(RECORDED INFORMATION begins)
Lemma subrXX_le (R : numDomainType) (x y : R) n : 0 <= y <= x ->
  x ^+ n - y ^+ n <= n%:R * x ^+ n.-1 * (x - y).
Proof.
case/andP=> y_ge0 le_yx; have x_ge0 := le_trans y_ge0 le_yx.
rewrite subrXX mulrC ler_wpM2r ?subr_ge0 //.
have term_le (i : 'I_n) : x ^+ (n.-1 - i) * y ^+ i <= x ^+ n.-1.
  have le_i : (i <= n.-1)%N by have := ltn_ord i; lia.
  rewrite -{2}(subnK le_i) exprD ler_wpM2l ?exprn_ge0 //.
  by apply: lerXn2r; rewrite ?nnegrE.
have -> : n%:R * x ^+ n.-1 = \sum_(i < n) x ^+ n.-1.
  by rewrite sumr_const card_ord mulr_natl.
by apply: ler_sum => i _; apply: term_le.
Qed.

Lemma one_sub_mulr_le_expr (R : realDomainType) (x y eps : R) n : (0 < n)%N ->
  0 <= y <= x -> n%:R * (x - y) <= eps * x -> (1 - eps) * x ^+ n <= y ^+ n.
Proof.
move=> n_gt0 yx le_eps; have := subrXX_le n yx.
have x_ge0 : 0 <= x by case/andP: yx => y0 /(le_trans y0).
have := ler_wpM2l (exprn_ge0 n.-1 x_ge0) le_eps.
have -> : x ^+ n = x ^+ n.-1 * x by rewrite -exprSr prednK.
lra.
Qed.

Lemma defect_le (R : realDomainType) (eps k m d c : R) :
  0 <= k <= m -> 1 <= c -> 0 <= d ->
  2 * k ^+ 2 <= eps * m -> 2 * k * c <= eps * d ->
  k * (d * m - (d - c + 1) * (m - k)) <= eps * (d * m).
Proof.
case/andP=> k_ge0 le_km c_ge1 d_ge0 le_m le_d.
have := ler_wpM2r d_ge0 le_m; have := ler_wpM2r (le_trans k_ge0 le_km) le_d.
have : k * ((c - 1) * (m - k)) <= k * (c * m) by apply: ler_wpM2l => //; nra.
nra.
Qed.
(RECORDED INFORMATION ends)
• _YOUR GOAL_: Every line above should be reproduced precisely.

• _TASK RESPONSE_:
Lemma subrXX_le (R : numDomainType) (x y : R) n : 0 <= y <= x ->
  x ^+ n - y ^+ n <= n%:R * x ^+ n.-1 * (x - y).
Proof.
case/andP=> y_ge0 le_yx; have x_ge0 := le_trans y_ge0 le_yx.
rewrite subrXX mulrC ler_wpM2r ?subr_ge0 //.
have term_le (i : 'I_n) : x ^+ (n.-1 - i) * y ^+ i <= x ^+ n.-1.
  have le_i : (i <= n.-1)%N by have := ltn_ord i; lia.
  rewrite -{2}(subnK le_i) exprD ler_wpM2l ?exprn_ge0 //.
  by apply: lerXn2r; rewrite ?nnegrE.
have -> : n%:R * x ^+ n.-1 = \sum_(i < n) x ^+ n.-1.
  by rewrite sumr_const card_ord mulr_natl.
by apply: ler_sum => i _; apply: term_le.
Qed.

Lemma one_sub_mulr_le_expr (R : realDomainType) (x y eps : R) n : (0 < n)%N ->
  0 <= y <= x -> n%:R * (x - y) <= eps * x -> (1 - eps) * x ^+ n <= y ^+ n.
Proof.
move=> n_gt0 yx le_eps; have := subrXX_le n yx.
have x_ge0 : 0 <= x by case/andP: yx => y0 /(le_trans y0).
have := ler_wpM2l (exprn_ge0 n.-1 x_ge0) le_eps.
have -> : x ^+ n = x ^+ n.-1 * x by rewrite -exprSr prednK.
lra.
Qed.

Lemma defect_le (R : realDomainType) (eps k m d c : R) :
  0 <= k <= m -> 1 <= c -> 0 <= d ->
  2 * k ^+ 2 <= eps * m -> 2 * k * c <= eps * d ->
  k * (d * m - (d - c + 1) * (m - k)) <= eps * (d * m).
Proof.
case/andP=> k_ge0 le_km c_ge1 d_ge0 le_m le_d.
have := ler_wpM2r d_ge0 le_m; have := ler_wpM2r (le_trans k_ge0 le_km) le_d.
have : k * ((c - 1) * (m - k)) <= k * (c * m) by apply: ler_wpM2l => //; nra.
nra.
Qed.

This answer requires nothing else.